The lifetime of such a film capacitor has a characteristic that is most affected by the temperature of the capacitor.

However, since the film capacitor is built in the inverter, it is forced to directly receive the temperature rise due to the heat generated from the power module having the DC-> AC switching function, and in particular, I can not help it.

Although the lifetime extension of the film capacitor can be extended by applying a film capacitor having a high temperature specification as a countermeasure against such a harsh environment, the cost rise of the film capacitor is excessively increased compared with the temperature rise width for the durability life, A product having a specification is inevitably used.

Therefore, the inverter uses a cooling water circulation to cool the inverter, thereby reducing the temperature effect without increasing the temperature specification of the film capacitor.

6 shows a configuration of an inverter that improves the endurance performance of a film capacitor using a water-cooled cooling function.

The inverter shown in Fig. 6A includes a housing 100 having a DC input portion as one side and an AC output portion as a portion opposite to the one side, a power module 110 accommodated in an inner space of the housing 100, And a film capacitor 120 provided above the power module 110 connected to the power module 130. The cooler 140 circulates cooling water below the power module 110 to lower the heat.

Another inverter shown in FIG. 6 (B) includes a housing 200 having a DC input part as a part and an AC output part as a part opposite to the DC input part, a power module 210 accommodated in an inner space of the housing 200, And a film capacitor 220 disposed above the power module 210 connected to the simplified output bus bar 230. The cooler 240 circulates cooling water below the power module 210 to lower the heat .

Korean Patent Laid-Open Publication No. 10-2010-0098874 (Sep. 10, 2010) relates to a cooling apparatus of a power conversion apparatus, which is shown in Figs.

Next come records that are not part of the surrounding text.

(* Let $\Lambda$ be a left cancellative small category and $v\in\Lambda^0$. For $C\in v\Lambda^*$ let $\mathcal U^0_C=\{E\setminus\bigcup\mathcal F: E\in C,\ \mathcal F\subseteq\mathcal D^{(0)}_v\text{ finite and }\mathcal F\text{ does not cover }C\}$. Then $\mathcal U^0_C$ is an ultrafilter base in the ring $\mathcal A_v$; let $\mathcal U_C$ be the ultrafilter it generates. The map $C\mapsto\mathcal U_C$ is a bijection from $v\Lambda^*$ onto the set of ultrafilters in $\mathcal A_v$, with inverse $\mathcal U\mapsto\mathcal U\cap\mathcal D^{(0)}_v$.
   Context: A left cancellative small category (LCSC) is a small category $\Lambda$ such that $\alpha\beta=\alpha\gamma$ implies $\beta=\gamma$. Morphisms are composed as $\alpha\beta$ when $s(\alpha)=r(\beta)$; $\Lambda^0$ is the set of objects, identified with identity morphisms; $v\Lambda=\{\alpha:r(\alpha)=v\}$; $\alpha\Lambda=\{\alpha\beta:r(\beta)=s(\alpha)\}$. For $\alpha\in\Lambda$, $\tau^\alpha(\beta)=\alpha\beta$ on $s(\alpha)\Lambda$ and $\sigma^\alpha:\alpha\Lambda\to s(\alpha)\Lambda$ is its inverse. A zigzag is a tuple $\zeta=(\alpha_1,\beta_1,\dots,\alpha_n,\beta_n)$ with $r(\alpha_i)=r(\beta_i)$ and $s(\alpha_{i+1})=s(\beta_i)$; $s(\zeta)=s(\beta_n)$, $\mathcal Zv=\{\zeta:s(\zeta)=v\}$. The zigzag map $\varphi_\zeta=\sigma^{\alpha_1}\circ\tau^{\beta_1}\circ\cdots\circ\sigma^{\alpha_n}\circ\tau^{\beta_n}$ (composition of partial maps) has domain $A(\zeta)\subseteq s(\zeta)\Lambda$. $\mathcal D^{(0)}_v$ is the set of nonempty $A(\zeta)$, $\zeta\in\mathcal Zv$ (closed under nonempty intersections), and $\mathcal A_v$ is the ring of subsets of $v\Lambda$ generated by $\mathcal D^{(0)}_v$. In a ring of sets $\mathcal A$, a filter is a nonempty collection of nonempty members closed under intersections and supersets (in $\mathcal A$), an ultrafilter is a maximal filter, and an ultrafilter base is a nonempty family of nonempty members such that the intersection of any two contains a third and the filter it generates (by closing under supersets) is an ultrafilter. A filter in $\mathcal D^{(0)}_v$ is a nonempty $C\subseteq\mathcal D^{(0)}_v$ closed under intersection and under supersets within $\mathcal D^{(0)}_v$. A finite $\mathcal F\subseteq\mathcal D^{(0)}_v$ covers the filter $C$ if some $E\in C$ satisfies $E\subseteq\bigcup\mathcal F$. $v\Lambda^*$ is the set of filters $C$ in $\mathcal D^{(0)}_v$ such that every finite $\mathcal F\subseteq\mathcal D^{(0)}_v$ with $\mathcal F\cap C=\varnothing$ does not cover $C$. *)

From Stdlib Require Import List.
Import ListNotations.
Set Implicit Arguments.

(* Objects form a type [Obj]; morphisms form a type [Mor]; composition
   [comp a b] = "a b" is a total function that is only meaningful when
   [src a = rng b].  Objects are identified with identity morphisms via [ident]. *)
Record LCSC := {
  Obj : Type;
  Mor : Type;
  src : Mor -> Obj;
  rng : Mor -> Obj;
  ident : Obj -> Mor;
  comp : Mor -> Mor -> Mor;
  src_ident : forall v, src (ident v) = v;
  rng_ident : forall v, rng (ident v) = v;
  rng_comp : forall a b, src a = rng b -> rng (comp a b) = rng a;
  src_comp : forall a b, src a = rng b -> src (comp a b) = src b;
  comp_ident_l : forall a, comp (ident (rng a)) a = a;
  comp_ident_r : forall a, comp a (ident (src a)) = a;
  comp_assoc : forall a b c, src a = rng b -> src b = rng c ->
      comp a (comp b c) = comp (comp a b) c;
  left_cancel : forall a b c, src a = rng b -> src a = rng c ->
      comp a b = comp a c -> b = c
}.

Section Defs.
Variable L : LCSC.
Local Notation M := (Mor L).

Definition mset := M -> Prop.
Definition family := mset -> Prop.

Definition subset (E F : mset) : Prop := forall x, E x -> F x.
Definition inter (E F : mset) : mset := fun x => E x /\ F x.
Definition union (E F : mset) : mset := fun x => E x \/ F x.
Definition diff (E F : mset) : mset := fun x => E x /\ ~ F x.
Definition emptyset : mset := fun _ => False.
Definition nonempty (E : mset) : Prop := exists x, E x.
Definition bigunion (l : list mset) : mset := fun x => exists F, In F l /\ F x.

(* A zigzag (a1,b1,...,an,bn) is a nonempty list of pairs [(a_i, b_i)]. *)
Definition zigzag := list (M * M).

Fixpoint zz_ok (z : zigzag) : Prop :=
  match z with
  | [] => False
  | [(a, b)] => rng L a = rng L b
  | (a, b) :: (((a', _) :: _) as rest) =>
      rng L a = rng L b /\ src L a' = src L b /\ zz_ok rest
  end.

Definition zz_src (z : zigzag) (v : Obj L) : Prop :=
  exists a b, last z (a, b) = (a, b) /\ z <> [] /\ src L b = v.

(* Graph of tau^b : x |-> b x, defined on src(b) Lambda *)
Definition tau_rel (b x y : M) : Prop := rng L x = src L b /\ y = comp L b x.
(* Graph of sigma^a : a y |-> y, defined on a Lambda *)
Definition sigma_rel (a x y : M) : Prop := rng L y = src L a /\ x = comp L a y.

(* Graph of the zigzag map phi_z = sigma^{a1} o tau^{b1} o ... o sigma^{an} o tau^{bn}
   (composition of partial maps, rightmost applied first). *)
Fixpoint zz_rel (z : zigzag) : M -> M -> Prop :=
  match z with
  | [] => fun x y => x = y
  | (a, b) :: rest => fun x y =>
      exists z1 z2, zz_rel rest x z1 /\ tau_rel b z1 z2 /\ sigma_rel a z2 y
  end.

Definition zz_dom (z : zigzag) : mset := fun x => exists y, zz_rel z x y.

Definition vLam (v : Obj L) : mset := fun x => rng L x = v.

Definition D0 (v : Obj L) : family :=
  fun E => exists z, zz_ok z /\ zz_src z v /\ E = zz_dom z /\ nonempty E.

Definition is_ring (R : family) : Prop :=
  R emptyset /\
  (forall E F, R E -> R F -> R (union E F)) /\
  (forall E F, R E -> R F -> R (diff E F)).

Definition ring_gen (D : family) : family :=
  fun E => forall R, is_ring R -> (forall F, D F -> R F) -> R E.

Definition Av (v : Obj L) : family := ring_gen (D0 v).

Definition fam_sub (P Q : family) : Prop := forall E, P E -> Q E.
Definition fam_eq (P Q : family) : Prop := forall E, P E <-> Q E.

Definition is_filter (A U : family) : Prop :=
  (exists E, U E) /\
  (forall E, U E -> A E /\ nonempty E) /\
  (forall E F, U E -> U F -> U (inter E F)) /\
  (forall E F, U E -> A F -> subset E F -> U F).

Definition is_ultrafilter (A U : family) : Prop :=
  is_filter A U /\ (forall U', is_filter A U' -> fam_sub U U' -> fam_sub U' U).

Definition gen_filter (A B : family) : family :=
  fun E => A E /\ exists F, B F /\ subset F E.

Definition is_ultrafilter_base (A B : family) : Prop :=
  (exists E, B E) /\
  (forall E, B E -> A E /\ nonempty E) /\
  (forall E F, B E -> B F -> exists G, B G /\ subset G (inter E F)) /\
  is_ultrafilter A (gen_filter A B).

Definition is_D0_filter (v : Obj L) (C : family) : Prop :=
  (exists E, C E) /\
  (forall E, C E -> D0 v E) /\
  (forall E F, C E -> C F -> C (inter E F)) /\
  (forall E F, C E -> D0 v F -> subset E F -> C F).

Definition covers (C : family) (l : list mset) : Prop :=
  exists E, C E /\ subset E (bigunion l).

Definition vLstar (v : Obj L) (C : family) : Prop :=
  is_D0_filter v C /\
  (forall l : list mset, (forall F, In F l -> D0 v F) ->
     (forall F, In F l -> ~ C F) -> ~ covers C l).

Definition U0 (v : Obj L) (C : family) : family :=
  fun S => exists E l, C E /\ (forall F, In F l -> D0 v F) /\ ~ covers C l /\
                     S = diff E (bigunion l).

Definition UC (v : Obj L) (C : family) : family := gen_filter (Av v) (U0 v C).

Definition restrD0 (v : Obj L) (U : family) : family := fun E => U E /\ D0 v E.

End Defs.

(* Every element of the ring A_v lies inside a finite union of members of
   D^(0)_v, and D^(0)_v is closed under nonempty intersections because
   A(z) ∩ A(z') = A(z z'^{-1} z'), the zigzag maps being injective by left
   cancellation.  For C in vΛ*, the sets E \ ∪F decide every member of A_v:
   one of them lies inside it or is disjoint from it (for a generator F not in
   C use E \ F, which is legitimate precisely because F does not cover C); a
   directed base deciding a whole ring generates an ultrafilter.  Conversely an
   ultrafilter U of A_v is prime, so U ∩ D^(0)_v is nonempty, satisfies the
   covering condition, and contains enough of U0 to generate U back. *)

From Stdlib Require Import List Classical FunctionalExtensionality PropExtensionality.
Import ListNotations.

Section RingsOfSets.
Context {L : LCSC}.
Implicit Types (E F G S : mset L) (A B D U : family L) (l : list (mset L)).

Lemma set_ext E F : (forall x, E x <-> F x) -> E = F.
Proof.
  intro H. apply functional_extensionality; intro x.
  apply propositional_extensionality; auto.
Qed.

Definition disjoint E F : Prop := forall x, E x -> F x -> False.

Lemma bigunion_nil : bigunion [] = emptyset L.
Proof. apply set_ext; intro x. split; [intros [F [[] _]] | intros []]. Qed.

Lemma bigunion_cons F l : bigunion (F :: l) = union F (bigunion l).
Proof.
  apply set_ext; intro x. unfold bigunion, union; simpl. split.
  - intros [G [[<- | HG] Gx]]; eauto.
  - intros [Fx | [G [HG Gx]]]; eauto.
Qed.

Lemma bigunion_app l l' x :
  bigunion (l ++ l') x <-> bigunion l x \/ bigunion l' x.
Proof.
  unfold bigunion. split.
  - intros [G [HG Gx]]. apply in_app_or in HG as [HG | HG]; eauto.
  - intros [[G [HG Gx]] | [G [HG Gx]]]; exists G; split; auto; apply in_or_app; auto.
Qed.

Lemma ring_inter A E F : is_ring A -> A E -> A F -> A (inter E F).
Proof.
  intros (_ & _ & Hdiff) HE HF.
  replace (inter E F) with (diff E (diff E F)) by
    (apply set_ext; intro x; unfold diff, inter; split;
       [intros [Ex H]; split; [|apply NNPP]; tauto | tauto]).
  auto.
Qed.

Lemma ring_bigunion A l : is_ring A -> (forall F, In F l -> A F) -> A (bigunion l).
Proof.
  intros (Hempty & Hunion & _) Hl. induction l as [|F l IH].
  - rewrite bigunion_nil. auto.
  - rewrite bigunion_cons. apply Hunion; [apply Hl | apply IH; intros; apply Hl]; simpl; auto.
Qed.

Lemma ring_gen_is_ring D : is_ring (ring_gen D).
Proof.
  split; [|split].
  - intros R HR _. apply HR.
  - intros E F HE HF R HR HD. apply HR; [apply HE | apply HF]; auto.
  - intros E F HE HF R HR HD. apply HR; [apply HE | apply HF]; auto.
Qed.

Lemma ring_gen_sub D F : D F -> ring_gen D F.
Proof. intros HF R _ HD. auto. Qed.

Lemma ring_gen_covered D S : ring_gen D S ->
  exists l, (forall F, In F l -> D F) /\ subset S (bigunion l).
Proof.
  intro HS. apply HS; [split; [|split] |].
  - exists []. split; [intros _ [] | intros x []].
  - intros E F [l [Hl HE]] [l' [Hl' HF]]. exists (l ++ l'). split.
    + intros G HG. apply in_app_or in HG as [HG | HG]; auto.
    + intros x [Ex | Fx]; apply bigunion_app; auto.
  - intros E F [l [Hl HE]] _. exists l. split; auto. intros x [Ex _]; auto.
  - intros F HF. exists [F]. split.
    + intros G [<- | []]; auto.
    + intros x Fx. exists F; simpl; auto.
Qed.

(** * Directed bases deciding a ring *)

Definition directed B : Prop :=
  forall E F, B E -> B F -> exists G, B G /\ subset G (inter E F).

Definition decides B S : Prop := exists G, B G /\ (subset G S \/ disjoint G S).

Lemma decides_is_ring B : (exists G, B G) -> directed B -> is_ring (decides B).
Proof.
  intros [G0 HG0] Hdir. split; [|split].
  - exists G0. split; auto. right. intros x _ [].
  - intros E F [G1 [HG1 [H1 | H1]]] [G2 [HG2 H2]].
    + exists G1. split; auto. left. intros x Hx; left; auto.
    + destruct H2 as [H2 | H2].
      * exists G2. split; auto. left. intros x Hx; right; auto.
      * destruct (Hdir _ _ HG1 HG2) as [G [HG HGs]]. exists G. split; auto.
        right. intros x Gx [Ex | Fx]; destruct (HGs x Gx); eauto.
  - intros E F [G1 [HG1 [H1 | H1]]] [G2 [HG2 H2]].
    + destruct (Hdir _ _ HG1 HG2) as [G [HG HGs]]. exists G. split; auto.
      destruct H2 as [H2 | H2].
      * right. intros x Gx [_ nFx]. apply nFx, H2, (HGs x Gx).
      * left. intros x Gx. destruct (HGs x Gx). split; eauto.
    + exists G1. split; auto. right. intros x Gx [Ex _]; eauto.
Qed.

Lemma gen_filter_is_filter A B :
  is_ring A -> (exists G, B G) -> (forall G, B G -> A G /\ nonempty G) ->
  directed B -> is_filter A (gen_filter A B).
Proof.
  intros HA [G0 HG0] HB Hdir. split; [|split; [|split]].
  - exists G0. split; [apply HB; auto |]. exists G0. split; auto. intros x; auto.
  - intros E [HE [G [HG HGE]]]. split; auto.
    destruct (proj2 (HB G HG)) as [x Gx]. exists x; auto.
  - intros E F [HE [G [HG HGE]]] [HF [G' [HG' HG'F]]].
    split; [apply ring_inter; auto |].
    destruct (Hdir _ _ HG HG') as [G'' [HG'' Hsub]]. exists G''. split; auto.
    intros x Hx. destruct (Hsub x Hx). split; auto.
  - intros E F [HE [G [HG HGE]]] HF HEF. split; auto.
    exists G. split; auto. intros x Hx; auto.
Qed.

Lemma ultrafilter_base_of_decides A B :
  is_ring A -> (exists G, B G) -> (forall G, B G -> A G /\ nonempty G) ->
  directed B -> (forall S, A S -> decides B S) -> is_ultrafilter_base A B.
Proof.
  intros HA Hex HB Hdir Hdec.
  split; [|split; [|split]]; auto. split; [apply gen_filter_is_filter; auto |].
  intros U' (_ & HU'A & HU'inter & _) Hsub S HS.
  destruct (Hdec S (proj1 (HU'A S HS))) as [G [HG [HGS | HGS]]].
  - split; [apply HU'A; auto |]. eauto.
  - assert (HGU' : U' G).
    { apply Hsub. split; [apply HB; auto |]. exists G. split; auto. intros x; auto. }
    destruct (proj2 (HU'A _ (HU'inter _ _ HS HGU'))) as [x [Sx Gx]].
    exfalso; eauto.
Qed.

(** * Ultrafilters in a ring of sets are prime *)

Section Ultrafilter.
Variables A U : family L.
Hypothesis HA : is_ring A.
Hypothesis HU : is_ultrafilter A U.

Let HUA : forall E, U E -> A E /\ nonempty E := proj1 (proj2 (proj1 HU)).
Let HUinter : forall E F, U E -> U F -> U (inter E F) := proj1 (proj2 (proj2 (proj1 HU))).
Let HUup : forall E F, U E -> A F -> subset E F -> U F := proj2 (proj2 (proj2 (proj1 HU))).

However, in the above inverter, since the film capacitors 120 and 220 are provided above the power modules 110 and 210, the impedance of the output bus bars 130 and 230 is reduced by minimizing the length of the output bus bars 130 and 230 while the film capacitors 120 and 220, It is difficult to secure durability performance due to the low heat dissipation performance of the film capacitors 120 and 220 by being installed above the power modules 110 and 210 that cut off the coolers 140 and 240. [

Particularly, in the structural aspect, the film capacitors 120 and 220 are provided so as not to make contact with the housings 100 and 200, thereby further lowering the heat radiation performance, thereby making it difficult to secure durability performance.

In addition, from the viewpoint of the material, the case in which the film capacitors 120 and 220 are housed is used as a resin such as PPS or PBT, which is another cause of difficulty in obtaining sufficient heat radiation performance due to low heat transfer performance .

In view of the above, the present invention, which has been invented in view of the above problems, provides a structure in which a power module and a film capacitor are arranged adjacent to each other in an airtight state, And to provide a water-cooled inverter that can be simplified.

It is another object of the present invention to provide a water-cooled inverter in which the film capacitor is arranged so as to pass the cooling water flow so as to greatly enhance the heat radiation performance by the cooling water.

It is another object of the present invention to provide a water-cooled inverter in which the heat dissipation performance is further improved by using a relatively high thermal conductivity as compared with a resin stream by applying a case of a film capacitor arranged to pass through a cooling water flow to aluminum.

According to an aspect of the present invention, there is provided a water-cooled inverter including: a housing having an inner space;

A cooler which occupies the inner space of the housing and circulates the cooling water introduced into the inlet nipple and then sends the cooling water to the outlet nipple;

A power module located above the cooler and occupying one space of the housing;

A film capacitor located above the cooler and occupying the space opposite the housing and having an output bus bar connected to the power module;

And a control unit.

The cooler includes a cooling plate provided in the housing and cooling water introduced into the inlet nipple of the cooling plate forms a repetitive cooling water circulation flow along the bottom surface of the cooling plate and is connected to the outlet nipple, .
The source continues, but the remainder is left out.